- Born: 1974 (age 51–52) Belgrade, Serbia
- Education: École des Beaux-Arts, Rijksakademie
- Known for: Visual artist, educator
- Website: www.bojansarcevic.net

= Bojan Šarčević =

Bojan Šarčević (/sh/; born 1974) is a Serbian visual artist and educator.

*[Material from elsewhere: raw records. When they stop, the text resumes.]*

Lemma eventually_poly_antidifference t q F : q != 0 ->
  eventually_poly t q (fun m => F m.+1 - F m) ->
  exists P : {poly R}, size P = (size q).+1 /\ eventually_poly t P F.
Proof.
move=> q_neq0 dFq; have [P0 [deltaP0 size_P0]] := poly_antidifference q_neq0.
exists (P0 + (F t - P0.[t%:R])%:P); split.
  rewrite size_polyDl // size_polyC size_P0 (leq_ltn_trans (leq_b1 _)) //.
  by rewrite ltnS size_poly_gt0.
move=> m /subnKC <-; elim: (m - t)%N => [|i IH]; first by rewrite addn0 hornerD hornerC addrC subrK.
rewrite addnS -[F _](subrK (F (t + i)%N)) dFq ?leq_addr // IH -natr1 !hornerD !hornerC.
by rewrite -deltaP0; ring.
Qed.

End DifferencePolynomials.

(** * Words over {0, 1, 2} counted by weight *)

(* The letter 0, 1 or 2 of a vertex says whether its top, right or bottom crease
   disagrees with its left crease; [flip_weight a b] is the number of flippable
   faces of a column whose left and right vertices carry the letters [a] and [b]. *)
Definition flip_weight (a b : nat) : nat := ((a != 2) && (b != 0)) + ((a != 0) && (b != 2)).

Definition score (a : nat) (w : seq nat) : nat := sumn (pairmap flip_weight a (rcons w 1)).

Lemma score_cons a x w : score a (x :: w) = flip_weight a x + score x w.
Proof. by []. Qed.

Lemma score_gt0 a w : 0 < score a w.
Proof.
elim: w a => [|x w IH] a; last by rewrite score_cons ltn_addl.
by case: a => [|[|[]]].
Qed.

Lemma score1_gt1 w : 1 < score 1 w.
Proof.
by case: w => [//|x w]; rewrite score_cons; have := score_gt0 x w; case: x => [|[|[]]].
Qed.

Fixpoint words (m : nat) : seq (seq nat) :=
  if m is m'.+1 then [seq x :: w | x <- iota 0 3, w <- words m'] else [:: [::]].

Lemma words_S m : words m.+1 = [seq x :: w | x <- iota 0 3, w <- words m].
Proof. by []. Qed.

Lemma mem_words m w : (w \in words m) = (size w == m) && all (fun x => x < 3) w.
Proof.
elim: m w => [|m IH] w; first by case: w.
rewrite words_S; apply/allpairsP/andP => [[[x u] [/= x3 u_m ->]]|[size_w all_w]].
  by move: x3 u_m; rewrite IH !inE /= => /or3P[]/eqP-> /andP[/eqP-> ->].
case: w size_w all_w => [//|x w] /= /eqP[size_w] /andP[x3 w3].
by exists (x, w); rewrite /= IH size_w w3 eqxx !inE; case: x x3 => [|[|[]]].
Qed.

Lemma uniq_words m : uniq (words m).
Proof.
elim: m => // m IH; rewrite words_S allpairs_uniq ?iota_uniq //.
by move=> [x u] [y w] _ _ /= [-> ->].
Qed.

Definition nwords (a m d : nat) : nat := count (fun w => score a w == d) (words m).

Lemma nwordsS a m d : nwords a m.+1 d =
  \sum_(x < 3) count (fun w => flip_weight a x + score x w == d) (words m).
Proof.
by rewrite /nwords words_S /= !count_cat !count_map !big_ord_recl big_ord0 !addnA addn0.
Qed.

Lemma nwords1SS m d : nwords 1 m.+1 d.+2 = nwords 0 m d.+1 + nwords 1 m d + nwords 2 m d.+1.
Proof.
rewrite nwordsS !big_ord_recl big_ord0 addn0 addnA.
by congr (_ + _ + _); apply: eq_count => w /=; rewrite /flip_weight /=; lia.
Qed.

Lemma nwords0SS m d : nwords 0 m.+1 d.+1 = nwords 0 m d.+1 + nwords 1 m d + nwords 2 m d.
Proof.
rewrite nwordsS !big_ord_recl big_ord0 addn0 addnA.
by congr (_ + _ + _); apply: eq_count => w /=; rewrite /flip_weight /=; lia.
Qed.

Lemma nwords2SS m d : nwords 2 m.+1 d.+1 = nwords 0 m d + nwords 1 m d + nwords 2 m d.+1.
Proof.
rewrite nwordsS !big_ord_recl big_ord0 addn0 addnA.
by congr (_ + _ + _); apply: eq_count => w /=; rewrite /flip_weight /=; lia.
Qed.

Lemma nwords_0 a m : nwords a m 0 = 0.
Proof.
by rewrite /nwords (eq_count (a2 := pred0)) ?count_pred0 // => w; rewrite eqn0Ngt score_gt0.
Qed.

Lemma nwords1_1 m : nwords 1 m 1 = 0.
Proof.
rewrite /nwords (eq_count (a2 := pred0)) ?count_pred0 // => w.
by apply/negbTE; rewrite neq_ltn score1_gt1 orbT.
Qed.

Lemma nwords0_1 m : nwords 0 m 1 = 1.
Proof. by elim: m => // m IH; rewrite nwords0SS IH !nwords_0. Qed.

Lemma nwords2E m d : nwords 2 m d = nwords 0 m d.
Proof.
elim: m d => [|m IH] [|d]; rewrite ?nwords_0 //.
by rewrite nwords2SS nwords0SS !IH; lia.
Qed.

Section NwordsPolynomial.

Local Open Scope ring_scope.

His work includes video, installations, site-responsive architectural interventions, photographic collage, more or less abstract sculpture, and printed publications.

==Biography==
Born in 1974, in Belgrade, Serbia. Šarčević spent part of his childhood in Morocco and Algeria, but was living in Sarajevo at the outbreak of the Bosnian war.

Šarčević studied at École des Beaux-Arts in Paris, graduating in 1997. He continued his studies at Rijksakademie in Amsterdam.
He has been a professor at Beaux-Arts de Paris since 2016 and a tutor at the postgraduate program deAteliers in Amsterdam since 2008.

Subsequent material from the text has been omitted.